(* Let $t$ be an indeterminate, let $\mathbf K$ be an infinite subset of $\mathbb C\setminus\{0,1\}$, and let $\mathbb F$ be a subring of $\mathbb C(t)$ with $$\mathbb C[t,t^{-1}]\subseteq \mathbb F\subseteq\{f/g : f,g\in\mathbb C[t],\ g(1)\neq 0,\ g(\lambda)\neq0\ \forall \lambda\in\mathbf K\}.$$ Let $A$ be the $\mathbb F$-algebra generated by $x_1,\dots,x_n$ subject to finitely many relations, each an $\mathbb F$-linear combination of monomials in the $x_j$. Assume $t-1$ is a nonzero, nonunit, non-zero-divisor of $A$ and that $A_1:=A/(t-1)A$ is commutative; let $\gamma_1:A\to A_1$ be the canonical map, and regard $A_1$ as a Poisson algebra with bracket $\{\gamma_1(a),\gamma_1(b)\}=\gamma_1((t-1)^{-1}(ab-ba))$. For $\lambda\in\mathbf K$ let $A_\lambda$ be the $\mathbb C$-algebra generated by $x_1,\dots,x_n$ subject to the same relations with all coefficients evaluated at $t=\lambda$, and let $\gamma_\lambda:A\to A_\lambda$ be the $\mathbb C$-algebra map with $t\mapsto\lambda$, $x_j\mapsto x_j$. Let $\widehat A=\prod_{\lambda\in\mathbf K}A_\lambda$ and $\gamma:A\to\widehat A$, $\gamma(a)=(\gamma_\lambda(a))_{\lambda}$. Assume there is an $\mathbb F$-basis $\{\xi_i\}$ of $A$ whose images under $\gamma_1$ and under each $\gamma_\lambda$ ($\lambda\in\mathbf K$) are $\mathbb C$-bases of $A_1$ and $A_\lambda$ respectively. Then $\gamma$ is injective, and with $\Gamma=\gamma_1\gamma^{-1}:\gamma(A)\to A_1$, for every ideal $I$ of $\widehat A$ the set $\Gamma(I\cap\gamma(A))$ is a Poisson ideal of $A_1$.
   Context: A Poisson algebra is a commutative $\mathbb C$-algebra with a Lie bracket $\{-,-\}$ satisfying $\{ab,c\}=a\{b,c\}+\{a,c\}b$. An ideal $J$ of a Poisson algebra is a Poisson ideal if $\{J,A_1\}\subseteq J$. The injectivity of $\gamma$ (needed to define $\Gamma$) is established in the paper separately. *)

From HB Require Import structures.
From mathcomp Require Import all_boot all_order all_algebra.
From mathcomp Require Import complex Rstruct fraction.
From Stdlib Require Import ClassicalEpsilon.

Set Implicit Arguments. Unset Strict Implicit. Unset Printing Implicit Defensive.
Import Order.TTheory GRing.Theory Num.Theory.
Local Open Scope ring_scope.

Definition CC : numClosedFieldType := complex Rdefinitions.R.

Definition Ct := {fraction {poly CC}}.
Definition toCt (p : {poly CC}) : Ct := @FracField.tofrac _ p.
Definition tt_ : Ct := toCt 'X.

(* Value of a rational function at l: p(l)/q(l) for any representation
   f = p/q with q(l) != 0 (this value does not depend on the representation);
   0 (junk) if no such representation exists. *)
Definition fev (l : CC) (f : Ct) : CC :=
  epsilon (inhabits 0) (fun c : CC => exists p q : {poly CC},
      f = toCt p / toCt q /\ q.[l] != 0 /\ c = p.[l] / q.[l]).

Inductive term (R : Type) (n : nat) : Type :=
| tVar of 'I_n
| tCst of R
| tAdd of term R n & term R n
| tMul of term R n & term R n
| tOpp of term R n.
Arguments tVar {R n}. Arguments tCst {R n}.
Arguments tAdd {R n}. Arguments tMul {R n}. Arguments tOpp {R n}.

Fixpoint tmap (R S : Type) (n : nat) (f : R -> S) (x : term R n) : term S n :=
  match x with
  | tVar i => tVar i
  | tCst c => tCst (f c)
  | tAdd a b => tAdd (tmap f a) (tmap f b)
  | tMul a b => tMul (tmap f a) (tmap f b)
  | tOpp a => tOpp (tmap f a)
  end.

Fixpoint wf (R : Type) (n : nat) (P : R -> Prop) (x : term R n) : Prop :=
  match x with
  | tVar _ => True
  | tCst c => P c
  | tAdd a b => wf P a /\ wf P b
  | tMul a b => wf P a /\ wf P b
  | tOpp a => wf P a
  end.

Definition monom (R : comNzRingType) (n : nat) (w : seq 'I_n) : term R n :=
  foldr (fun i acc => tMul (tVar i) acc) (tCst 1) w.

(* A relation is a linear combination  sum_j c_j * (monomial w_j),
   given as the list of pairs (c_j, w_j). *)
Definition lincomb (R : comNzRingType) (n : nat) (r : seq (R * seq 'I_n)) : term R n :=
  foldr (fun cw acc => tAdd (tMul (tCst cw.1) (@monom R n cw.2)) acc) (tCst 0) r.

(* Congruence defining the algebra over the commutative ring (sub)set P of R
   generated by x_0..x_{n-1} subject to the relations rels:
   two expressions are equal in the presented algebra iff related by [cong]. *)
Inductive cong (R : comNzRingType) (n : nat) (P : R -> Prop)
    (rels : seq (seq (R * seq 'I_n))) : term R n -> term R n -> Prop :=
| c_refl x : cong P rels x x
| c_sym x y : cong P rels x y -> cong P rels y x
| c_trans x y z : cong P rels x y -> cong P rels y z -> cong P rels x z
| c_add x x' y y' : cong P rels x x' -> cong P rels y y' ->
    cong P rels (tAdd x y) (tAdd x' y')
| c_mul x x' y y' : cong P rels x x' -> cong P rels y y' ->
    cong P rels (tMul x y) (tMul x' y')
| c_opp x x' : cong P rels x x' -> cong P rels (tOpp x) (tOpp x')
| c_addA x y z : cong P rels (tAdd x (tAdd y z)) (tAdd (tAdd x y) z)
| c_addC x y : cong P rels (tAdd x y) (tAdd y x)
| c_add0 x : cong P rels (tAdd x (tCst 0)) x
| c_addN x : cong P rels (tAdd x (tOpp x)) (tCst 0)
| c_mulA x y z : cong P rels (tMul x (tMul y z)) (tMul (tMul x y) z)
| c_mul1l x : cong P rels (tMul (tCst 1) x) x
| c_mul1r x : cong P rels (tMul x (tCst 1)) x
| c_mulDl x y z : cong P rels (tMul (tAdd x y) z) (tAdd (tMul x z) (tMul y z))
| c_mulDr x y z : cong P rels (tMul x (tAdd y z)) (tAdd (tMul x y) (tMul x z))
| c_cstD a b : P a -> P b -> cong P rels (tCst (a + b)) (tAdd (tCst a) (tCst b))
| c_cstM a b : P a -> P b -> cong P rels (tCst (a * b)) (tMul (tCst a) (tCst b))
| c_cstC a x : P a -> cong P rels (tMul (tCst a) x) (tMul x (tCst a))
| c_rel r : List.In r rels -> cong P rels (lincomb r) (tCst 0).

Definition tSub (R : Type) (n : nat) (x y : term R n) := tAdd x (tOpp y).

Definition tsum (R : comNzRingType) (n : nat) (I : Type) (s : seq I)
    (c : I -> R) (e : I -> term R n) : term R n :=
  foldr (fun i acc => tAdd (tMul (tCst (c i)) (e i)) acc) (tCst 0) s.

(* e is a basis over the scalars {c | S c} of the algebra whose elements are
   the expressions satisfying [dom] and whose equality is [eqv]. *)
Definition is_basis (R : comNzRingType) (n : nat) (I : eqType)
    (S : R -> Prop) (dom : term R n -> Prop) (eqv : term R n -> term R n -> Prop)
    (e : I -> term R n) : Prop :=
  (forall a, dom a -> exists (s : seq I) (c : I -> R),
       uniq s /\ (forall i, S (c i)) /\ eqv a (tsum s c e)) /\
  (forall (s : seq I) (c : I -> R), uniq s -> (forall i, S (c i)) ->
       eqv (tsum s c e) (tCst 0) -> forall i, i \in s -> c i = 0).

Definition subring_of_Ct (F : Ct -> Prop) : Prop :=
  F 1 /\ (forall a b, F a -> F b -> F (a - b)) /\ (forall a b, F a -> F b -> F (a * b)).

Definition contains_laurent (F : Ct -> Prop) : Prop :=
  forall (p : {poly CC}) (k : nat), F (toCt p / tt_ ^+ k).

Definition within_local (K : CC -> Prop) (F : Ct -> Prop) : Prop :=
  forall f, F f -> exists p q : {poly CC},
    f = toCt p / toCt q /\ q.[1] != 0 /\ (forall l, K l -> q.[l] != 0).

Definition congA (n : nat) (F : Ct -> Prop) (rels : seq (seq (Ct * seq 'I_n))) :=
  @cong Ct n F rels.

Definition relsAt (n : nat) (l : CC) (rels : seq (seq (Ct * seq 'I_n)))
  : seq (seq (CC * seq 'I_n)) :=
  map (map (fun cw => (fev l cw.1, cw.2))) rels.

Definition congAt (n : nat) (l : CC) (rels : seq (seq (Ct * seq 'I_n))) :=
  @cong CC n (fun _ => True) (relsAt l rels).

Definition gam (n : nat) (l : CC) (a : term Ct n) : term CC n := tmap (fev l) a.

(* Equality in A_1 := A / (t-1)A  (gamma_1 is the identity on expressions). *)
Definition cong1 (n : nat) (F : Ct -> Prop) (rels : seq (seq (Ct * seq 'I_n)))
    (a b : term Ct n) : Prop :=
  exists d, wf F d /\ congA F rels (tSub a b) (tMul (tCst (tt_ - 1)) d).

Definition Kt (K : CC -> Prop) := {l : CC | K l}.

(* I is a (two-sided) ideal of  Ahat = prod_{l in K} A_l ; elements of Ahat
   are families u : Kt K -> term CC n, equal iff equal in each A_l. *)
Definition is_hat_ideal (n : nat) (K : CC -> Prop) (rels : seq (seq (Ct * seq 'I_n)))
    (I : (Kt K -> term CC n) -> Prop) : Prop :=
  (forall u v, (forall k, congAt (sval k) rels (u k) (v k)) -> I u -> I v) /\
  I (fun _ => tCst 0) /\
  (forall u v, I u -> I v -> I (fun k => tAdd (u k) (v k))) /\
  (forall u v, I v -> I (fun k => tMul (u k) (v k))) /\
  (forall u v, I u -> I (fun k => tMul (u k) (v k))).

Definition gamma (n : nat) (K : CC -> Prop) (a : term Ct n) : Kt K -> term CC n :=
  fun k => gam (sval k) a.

...

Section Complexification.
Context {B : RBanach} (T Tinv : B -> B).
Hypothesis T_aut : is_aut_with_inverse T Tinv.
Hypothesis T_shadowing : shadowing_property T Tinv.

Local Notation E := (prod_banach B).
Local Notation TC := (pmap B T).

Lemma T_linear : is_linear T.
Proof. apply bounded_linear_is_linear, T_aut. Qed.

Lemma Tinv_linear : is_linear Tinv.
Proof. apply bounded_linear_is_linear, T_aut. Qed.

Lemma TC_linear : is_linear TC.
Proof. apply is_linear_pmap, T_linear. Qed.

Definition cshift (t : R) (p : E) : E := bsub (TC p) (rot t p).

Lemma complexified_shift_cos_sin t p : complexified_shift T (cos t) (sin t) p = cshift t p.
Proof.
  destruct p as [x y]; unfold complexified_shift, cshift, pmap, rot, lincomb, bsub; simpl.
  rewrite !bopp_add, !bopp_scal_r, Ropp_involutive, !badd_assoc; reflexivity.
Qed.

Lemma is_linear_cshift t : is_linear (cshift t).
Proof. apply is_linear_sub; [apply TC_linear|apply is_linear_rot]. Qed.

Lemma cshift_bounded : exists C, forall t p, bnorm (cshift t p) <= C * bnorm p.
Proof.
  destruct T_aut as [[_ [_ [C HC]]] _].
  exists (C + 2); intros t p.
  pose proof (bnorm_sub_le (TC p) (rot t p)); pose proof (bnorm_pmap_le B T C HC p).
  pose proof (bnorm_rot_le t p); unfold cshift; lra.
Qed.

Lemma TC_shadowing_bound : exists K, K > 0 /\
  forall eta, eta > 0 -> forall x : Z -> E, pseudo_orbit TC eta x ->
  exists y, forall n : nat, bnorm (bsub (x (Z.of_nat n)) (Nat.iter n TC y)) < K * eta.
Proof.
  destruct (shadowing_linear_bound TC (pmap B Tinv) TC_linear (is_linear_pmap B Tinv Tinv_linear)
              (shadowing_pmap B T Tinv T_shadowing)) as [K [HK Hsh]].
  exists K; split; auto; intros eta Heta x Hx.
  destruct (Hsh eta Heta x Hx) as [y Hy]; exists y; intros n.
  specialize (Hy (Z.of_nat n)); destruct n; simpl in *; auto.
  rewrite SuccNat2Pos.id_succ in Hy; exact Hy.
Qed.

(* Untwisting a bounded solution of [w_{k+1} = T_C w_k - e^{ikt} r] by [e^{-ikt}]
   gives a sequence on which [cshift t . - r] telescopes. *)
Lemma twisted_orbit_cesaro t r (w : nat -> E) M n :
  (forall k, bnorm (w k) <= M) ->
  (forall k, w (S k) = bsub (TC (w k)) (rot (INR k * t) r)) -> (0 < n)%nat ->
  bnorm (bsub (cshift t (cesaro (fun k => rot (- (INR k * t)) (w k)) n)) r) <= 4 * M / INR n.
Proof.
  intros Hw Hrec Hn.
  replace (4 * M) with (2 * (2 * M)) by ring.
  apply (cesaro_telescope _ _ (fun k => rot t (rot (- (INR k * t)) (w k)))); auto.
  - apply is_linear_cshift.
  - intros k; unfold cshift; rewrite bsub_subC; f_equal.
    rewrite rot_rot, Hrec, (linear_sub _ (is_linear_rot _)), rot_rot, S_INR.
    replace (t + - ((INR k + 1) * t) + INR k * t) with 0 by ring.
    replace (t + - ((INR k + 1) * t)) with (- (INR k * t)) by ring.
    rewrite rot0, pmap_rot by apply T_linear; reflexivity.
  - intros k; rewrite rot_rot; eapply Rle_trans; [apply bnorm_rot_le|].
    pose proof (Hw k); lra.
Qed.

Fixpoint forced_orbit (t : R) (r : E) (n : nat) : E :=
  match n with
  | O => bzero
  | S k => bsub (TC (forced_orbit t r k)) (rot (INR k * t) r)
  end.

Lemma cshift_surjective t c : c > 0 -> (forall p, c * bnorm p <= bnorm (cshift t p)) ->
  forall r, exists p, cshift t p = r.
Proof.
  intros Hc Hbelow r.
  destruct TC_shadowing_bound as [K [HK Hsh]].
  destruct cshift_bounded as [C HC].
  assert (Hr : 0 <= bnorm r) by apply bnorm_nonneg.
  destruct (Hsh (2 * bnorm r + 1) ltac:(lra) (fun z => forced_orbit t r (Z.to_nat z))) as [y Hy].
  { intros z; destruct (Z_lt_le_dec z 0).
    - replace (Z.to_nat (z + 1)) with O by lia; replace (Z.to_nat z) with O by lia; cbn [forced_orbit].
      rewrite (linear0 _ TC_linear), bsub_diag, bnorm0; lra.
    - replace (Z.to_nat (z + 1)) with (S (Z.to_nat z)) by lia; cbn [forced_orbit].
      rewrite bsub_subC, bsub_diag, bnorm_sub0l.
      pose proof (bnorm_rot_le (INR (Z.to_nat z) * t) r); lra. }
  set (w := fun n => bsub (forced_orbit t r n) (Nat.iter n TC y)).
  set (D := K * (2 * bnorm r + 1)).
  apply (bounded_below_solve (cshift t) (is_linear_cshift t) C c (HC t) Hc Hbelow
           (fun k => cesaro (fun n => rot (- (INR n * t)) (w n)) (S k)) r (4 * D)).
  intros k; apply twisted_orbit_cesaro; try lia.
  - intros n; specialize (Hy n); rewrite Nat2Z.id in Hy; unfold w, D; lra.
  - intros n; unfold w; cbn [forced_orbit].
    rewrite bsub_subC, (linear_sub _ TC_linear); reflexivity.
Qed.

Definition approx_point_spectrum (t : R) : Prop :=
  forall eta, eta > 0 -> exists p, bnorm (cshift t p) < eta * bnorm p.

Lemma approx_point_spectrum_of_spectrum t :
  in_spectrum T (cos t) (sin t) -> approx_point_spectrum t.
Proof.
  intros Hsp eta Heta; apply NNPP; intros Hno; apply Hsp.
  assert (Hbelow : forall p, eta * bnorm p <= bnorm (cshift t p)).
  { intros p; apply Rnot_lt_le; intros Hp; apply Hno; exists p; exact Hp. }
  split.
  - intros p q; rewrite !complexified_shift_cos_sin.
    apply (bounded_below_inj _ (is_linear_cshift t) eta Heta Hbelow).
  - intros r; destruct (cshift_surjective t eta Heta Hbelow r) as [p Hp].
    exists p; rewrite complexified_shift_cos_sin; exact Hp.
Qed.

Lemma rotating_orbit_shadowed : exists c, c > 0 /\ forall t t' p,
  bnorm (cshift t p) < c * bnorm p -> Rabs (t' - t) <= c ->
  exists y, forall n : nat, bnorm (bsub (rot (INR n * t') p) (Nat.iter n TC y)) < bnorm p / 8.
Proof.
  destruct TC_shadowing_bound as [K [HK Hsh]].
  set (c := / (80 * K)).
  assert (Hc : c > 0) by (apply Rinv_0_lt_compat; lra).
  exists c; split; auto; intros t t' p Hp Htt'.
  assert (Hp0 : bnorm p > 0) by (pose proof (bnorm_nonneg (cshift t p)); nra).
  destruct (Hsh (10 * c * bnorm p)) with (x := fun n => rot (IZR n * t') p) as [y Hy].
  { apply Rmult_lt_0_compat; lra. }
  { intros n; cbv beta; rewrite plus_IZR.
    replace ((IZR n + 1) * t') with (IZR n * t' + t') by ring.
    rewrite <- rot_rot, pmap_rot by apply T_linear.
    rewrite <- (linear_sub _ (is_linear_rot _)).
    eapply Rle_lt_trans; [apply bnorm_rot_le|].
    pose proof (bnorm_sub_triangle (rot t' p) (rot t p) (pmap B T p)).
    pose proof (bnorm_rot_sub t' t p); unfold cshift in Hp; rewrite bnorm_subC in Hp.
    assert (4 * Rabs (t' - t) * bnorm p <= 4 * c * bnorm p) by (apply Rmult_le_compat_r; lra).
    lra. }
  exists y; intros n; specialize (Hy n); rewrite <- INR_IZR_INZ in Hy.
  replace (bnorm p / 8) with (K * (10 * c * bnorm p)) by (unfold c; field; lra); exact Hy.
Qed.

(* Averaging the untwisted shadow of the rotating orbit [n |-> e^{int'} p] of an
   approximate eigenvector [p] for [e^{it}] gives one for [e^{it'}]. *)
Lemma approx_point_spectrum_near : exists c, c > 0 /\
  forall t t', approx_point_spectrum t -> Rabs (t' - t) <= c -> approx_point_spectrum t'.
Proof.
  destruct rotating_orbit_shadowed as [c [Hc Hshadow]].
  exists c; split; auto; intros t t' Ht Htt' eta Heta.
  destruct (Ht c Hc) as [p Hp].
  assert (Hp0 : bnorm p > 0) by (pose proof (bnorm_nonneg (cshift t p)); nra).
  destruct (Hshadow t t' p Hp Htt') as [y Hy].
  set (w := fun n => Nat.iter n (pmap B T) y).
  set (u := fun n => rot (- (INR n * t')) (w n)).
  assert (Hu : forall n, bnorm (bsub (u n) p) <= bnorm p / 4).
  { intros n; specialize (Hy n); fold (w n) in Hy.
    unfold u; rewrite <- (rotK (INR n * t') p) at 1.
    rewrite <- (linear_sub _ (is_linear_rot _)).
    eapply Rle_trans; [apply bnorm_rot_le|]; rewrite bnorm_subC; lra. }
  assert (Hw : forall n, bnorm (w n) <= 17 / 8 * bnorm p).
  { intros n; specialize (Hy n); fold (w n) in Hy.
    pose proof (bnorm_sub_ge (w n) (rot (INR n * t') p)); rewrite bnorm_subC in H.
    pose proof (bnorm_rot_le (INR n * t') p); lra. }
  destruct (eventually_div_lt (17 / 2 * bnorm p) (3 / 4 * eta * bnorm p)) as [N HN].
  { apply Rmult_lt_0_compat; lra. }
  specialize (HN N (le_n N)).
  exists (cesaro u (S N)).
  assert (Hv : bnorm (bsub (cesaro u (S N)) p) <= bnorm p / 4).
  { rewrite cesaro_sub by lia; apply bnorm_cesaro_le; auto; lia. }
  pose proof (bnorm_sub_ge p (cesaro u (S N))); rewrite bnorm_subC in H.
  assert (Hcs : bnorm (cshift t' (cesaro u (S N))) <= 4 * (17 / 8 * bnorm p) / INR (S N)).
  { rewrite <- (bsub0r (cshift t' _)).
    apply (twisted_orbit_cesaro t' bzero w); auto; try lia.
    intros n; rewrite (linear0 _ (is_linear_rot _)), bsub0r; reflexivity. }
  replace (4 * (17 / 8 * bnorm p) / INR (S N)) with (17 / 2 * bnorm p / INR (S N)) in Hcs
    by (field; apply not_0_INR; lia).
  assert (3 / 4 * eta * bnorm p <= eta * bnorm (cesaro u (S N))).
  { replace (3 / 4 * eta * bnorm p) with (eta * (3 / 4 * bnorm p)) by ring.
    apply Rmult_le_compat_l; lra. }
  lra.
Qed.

Work instructions:
Look through the listing and extract every line with "Inductive" in it.

Solution to this problem:
Inductive term (R : Type) (n : nat) : Type :=
Inductive cong (R : comNzRingType) (n : nat) (P : R -> Prop)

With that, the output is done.